▸ The problem
Check each line of the records below and collect those that include the word "Local".

▸ Given data
(* Let $X$ and $Y$ be Banach spaces, $C\in \mathcal{L}(X,Y)$, $(S_t)_{t\geq 0}$ a $C_0$-semigroup on $X$, $M \geq 1$ and $\omega \in \mathbb{R}$ such that $\lVert S_t \rVert \leq M e^{\omega t}$ for all $t \geq 0$, $\lambda^* \geq 0$, and $(P_\lambda)_{\lambda>\lambda^*}$ a family of bounded linear operators in $X$. Assume that there exist $d_0,d_1,\gamma_1 > 0$ such that \[ \forall x\in X \ \forall \lambda > \lambda^* \colon \quad \lVert P_\lambda x \rVert_{ X } \le d_0 e^{d_1 \lambda^{\gamma_1}} \lVert C P_\lambda x \rVert_{Y }, \] and that there exist $d_2\geq 1$ and $d_3,\gamma_2,\gamma_3, T>0$ with $\gamma_1<\gamma_2$ such that \[ \forall x\in X \ \forall \lambda > \lambda^* \ \forall t\in (0,T/2] \colon \quad \lVert (\mathrm{id}-P_\lambda) S_t x \rVert_{X} \le d_2 e^{-d_3 \lambda^{\gamma_2} t^{\gamma_3}} \lVert x \rVert_{X}. \] Then for all $r\in[1,\infty]$ and all $x \in X$, \[ \lVert S_T x \rVert_{X} \leq C_{\mathrm{obs}} \lVert CS_{(\cdot)}x \rVert_{L_r ((0,T);Y)} \quad\text{with}\quad C_{\mathrm{obs}} = \frac{C_1}{T^{1/r}} \exp \left(\frac{C_2}{T^{\frac{\gamma_1 \gamma_3}{\gamma_2 - \gamma_1}}} + C_3 T\right), \] where $T^{1/r} = 1$ if $r=\infty$, and \begin{align*} C_1 &= (4 M d_0) \max \Bigl\{\left( (4d_2 M^2) (d_0 \lVert C \rVert_{\mathcal{L} (X,Y)}+1) \right)^{8/(e \ln 2)}, e^{4d_1\left(2\lambda^*\right)^{\gamma_1}}\Bigr\}, \\ C_2 &= 4 \bigl(2^{\gamma_1} (2\cdot 4^{\gamma_3})^\frac{\gamma_1 \gamma_2}{\gamma_2-\gamma_1} d_1^{\gamma_2} / d_3^{\gamma_1} \bigr)^{\frac{1}{\gamma_2-\gamma_1}} , \\ C_3 & = \max\{\omega , 0\} \bigl(1 + 10 / (e \ln 2) \bigr). \end{align*}
   Context: $\mathcal{L}(V,W)$ denotes the space of bounded linear operators between normed spaces $V$ and $W$. For $r=\infty$ the norm $\lVert CS_{(\cdot)}x \rVert_{L_\infty((0,T);Y)}$ is $\operatorname{ess\,sup}_{\tau\in[0,T]}\lVert CS_\tau x\rVert_Y$, and for $r<\infty$ it is $(\int_0^T \lVert C S_\tau x\rVert_Y^r\,d\tau)^{1/r}$. *)

From HB Require Import structures.
From mathcomp Require Import all_boot all_order all_algebra.
From mathcomp Require Import all_classical all_reals all_analysis.
Set Implicit Arguments. Unset Strict Implicit. Unset Printing Implicit Defensive.
Import Order.TTheory GRing.Theory Num.Theory.
Import numFieldNormedType.Exports.
Local Open Scope classical_set_scope.
Local Open Scope ring_scope.

Definition bounded_op {R : realType} {V W : normedModType R} (f : V -> W) : Prop :=
  exists k : R, forall x, `|f x| <= k * `|x|.

Definition opnorm {R : realType} {V W : normedModType R} (f : V -> W) : R :=
  inf [set c : R | 0 <= c /\ forall x, `|f x| <= c * `|x|].

(* (S_t)_{t >= 0} is a C_0-semigroup on X (values for t < 0 are irrelevant). *)
Definition C0_semigroup {R : realType} {X : normedModType R}
  (S : R -> {linear X -> X}) : Prop :=
  [/\ forall t, 0 <= t -> bounded_op (S t),
      forall x, S 0 x = x,
      forall s t x, 0 <= s -> 0 <= t -> S (s + t) x = S s (S t x)
    & forall x, S t x @[t --> 0^'+] --> x].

▸ Expected answer
Local Open Scope classical_set_scope.
Local Open Scope ring_scope.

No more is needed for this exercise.